- _Action item_
Transcribe the listing below only from the line with "Definition congr_system := seq (int * int)." up to and including the line with "Theorem mainTheorem7 (k".

- _The records_
(* Let $k\in\mathbb{Z}$, and let $S=\{a_i \bmod d_i : 1\le i\le r\}$ and $S'=\{a_i-(d_i-1)k \bmod d_i : 1\le i\le r\}$ be exact covering systems. Then the map $\phi_{1,k}:\mathbb{Z}\to\mathbb{Z}$, $\phi_{1,k}(n)=n+k$, is a graph isomorphism from $G_S$ to $G_{S'}$.
   Context: A system of congruences $\{a_i \bmod d_i : 1\le i\le r\}$ with integers $a_i$ and nonzero integers $d_i$ (negative $d_i$ allowed; $n\equiv a \bmod -d$ means $n\equiv a\bmod d$) is an exact covering system if every integer satisfies exactly one of the congruences; congruences are distinguished by their chosen representatives. For such a system $S$, the exact covering system digraph $G_S$ has vertex set $\mathbb{Z}$ and edges $(n,d_in+a_i)$ for all $n\in\mathbb{Z}$, $1\le i\le r$. *)

From mathcomp Require Import all_boot all_algebra.
Set Implicit Arguments. Unset Strict Implicit. Unset Printing Implicit Defensive.
Import GRing.Theory Num.Theory.
Local Open Scope ring_scope.

(* A system of congruences {a_i mod d_i : 1 <= i <= r} is a list of pairs
   (a_i, d_i) of integers; the list indexing distinguishes congruences. *)
Definition congr_system := seq (int * int).

Definition cong_rep (c : int * int) : int := c.1.
Definition cong_mod (c : int * int) : int := c.2.

Definition satisfies (n : int) (c : int * int) : bool :=
  (cong_mod c %| n - cong_rep c)%Z.

Definition exact_covering (S : congr_system) : Prop :=
  (forall c, c \in S -> cong_mod c != 0) /\
  (forall n : int, exists! i : 'I_(size S), satisfies n (nth (0, 0) S i)).

Definition ecs_edge (S : congr_system) (m n : int) : Prop :=
  exists2 c, c \in S & n = cong_mod c * m + cong_rep c.

Definition digraph_iso (f : int -> int) (E E' : int -> int -> Prop) : Prop :=
  bijective f /\ (forall u v : int, E u v <-> E' (f u) (f v)).

Definition shift_system (S : congr_system) (k : int) : congr_system :=
  map (fun c => (cong_rep c - (cong_mod c - 1) * k, cong_mod c)) S.

Definition phi1 (k : int) (n : int) : int := n + k.

From mathcomp Require Import all_boot all_algebra.
From mathcomp Require Import ring.
Local Open Scope ring_scope.
Import GRing.Theory.

(* Conjugating the affine map n |-> d n + a by the translation n |-> n + k
   gives n |-> d n + (a - (d - 1) k), so each edge of G_S coming from the
   congruence a mod d is carried by phi_{1,k} to the edge of G_S' coming from
   the shifted congruence, and conversely. *)

Lemma phi1_bij (k : int) : bijective (phi1 k).
Proof. by exists (fun n => n - k) => n; rewrite /phi1 ?addrK ?subrK. Qed.

Lemma affine_conj_translation (d a k m : int) :
  d * (m + k) + (a - (d - 1) * k) = d * m + a + k.
Proof. ring. Qed.

Lemma ecs_edge_shift (S : congr_system) (k u v : int) :
  ecs_edge S u v <-> ecs_edge (shift_system S k) (phi1 k u) (phi1 k v).
Proof.
rewrite /phi1; split.
  case=> [[a d] cS ->]; exists (a - (d - 1) * k, d).
    by apply/mapP; exists (a, d).
  by rewrite /= affine_conj_translation.
case=> [_ /mapP [[a d] cS ->]]; rewrite /cong_mod /cong_rep /=.
rewrite affine_conj_translation => /addIr ->.
by exists (a, d).
Qed.

Theorem mainTheorem7 (k : int) (S : congr_system) :
  exact_covering S -> exact_covering (shift_system S k) ->
  digraph_iso (phi1 k) (ecs_edge S) (ecs_edge (shift_system S k)).
Proof.
move=> _ _; split; first exact: phi1_bij.
by move=> u v; apply: ecs_edge_shift.
Qed.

- _Answer for the task_
Definition congr_system := seq (int * int).

Definition cong_rep (c : int * int) : int := c.1.
Definition cong_mod (c : int * int) : int := c.2.

Definition satisfies (n : int) (c : int * int) : bool :=
  (cong_mod c %| n - cong_rep c)%Z.

Definition exact_covering (S : congr_system) : Prop :=
  (forall c, c \in S -> cong_mod c != 0) /\
  (forall n : int, exists! i : 'I_(size S), satisfies n (nth (0, 0) S i)).

Definition ecs_edge (S : congr_system) (m n : int) : Prop :=
  exists2 c, c \in S & n = cong_mod c * m + cong_rep c.

Definition digraph_iso (f : int -> int) (E E' : int -> int -> Prop) : Prop :=
  bijective f /\ (forall u v : int, E u v <-> E' (f u) (f v)).

Definition shift_system (S : congr_system) (k : int) : congr_system :=
  map (fun c => (cong_rep c - (cong_mod c - 1) * k, cong_mod c)) S.

Definition phi1 (k : int) (n : int) : int := n + k.

From mathcomp Require Import all_boot all_algebra.
From mathcomp Require Import ring.
Local Open Scope ring_scope.
Import GRing.Theory.

(* Conjugating the affine map n |-> d n + a by the translation n |-> n + k
   gives n |-> d n + (a - (d - 1) k), so each edge of G_S coming from the
   congruence a mod d is carried by phi_{1,k} to the edge of G_S' coming from
   the shifted congruence, and conversely. *)

Lemma phi1_bij (k : int) : bijective (phi1 k).
Proof. by exists (fun n => n - k) => n; rewrite /phi1 ?addrK ?subrK. Qed.

Lemma affine_conj_translation (d a k m : int) :
  d * (m + k) + (a - (d - 1) * k) = d * m + a + k.
Proof. ring. Qed.

Lemma ecs_edge_shift (S : congr_system) (k u v : int) :
  ecs_edge S u v <-> ecs_edge (shift_system S k) (phi1 k u) (phi1 k v).
Proof.
rewrite /phi1; split.
  case=> [[a d] cS ->]; exists (a - (d - 1) * k, d).
    by apply/mapP; exists (a, d).
  by rewrite /= affine_conj_translation.
case=> [_ /mapP [[a d] cS ->]]; rewrite /cong_mod /cong_rep /=.
rewrite affine_conj_translation => /addIr ->.
by exists (a, d).
Qed.

Theorem mainTheorem7 (k : int) (S : congr_system) :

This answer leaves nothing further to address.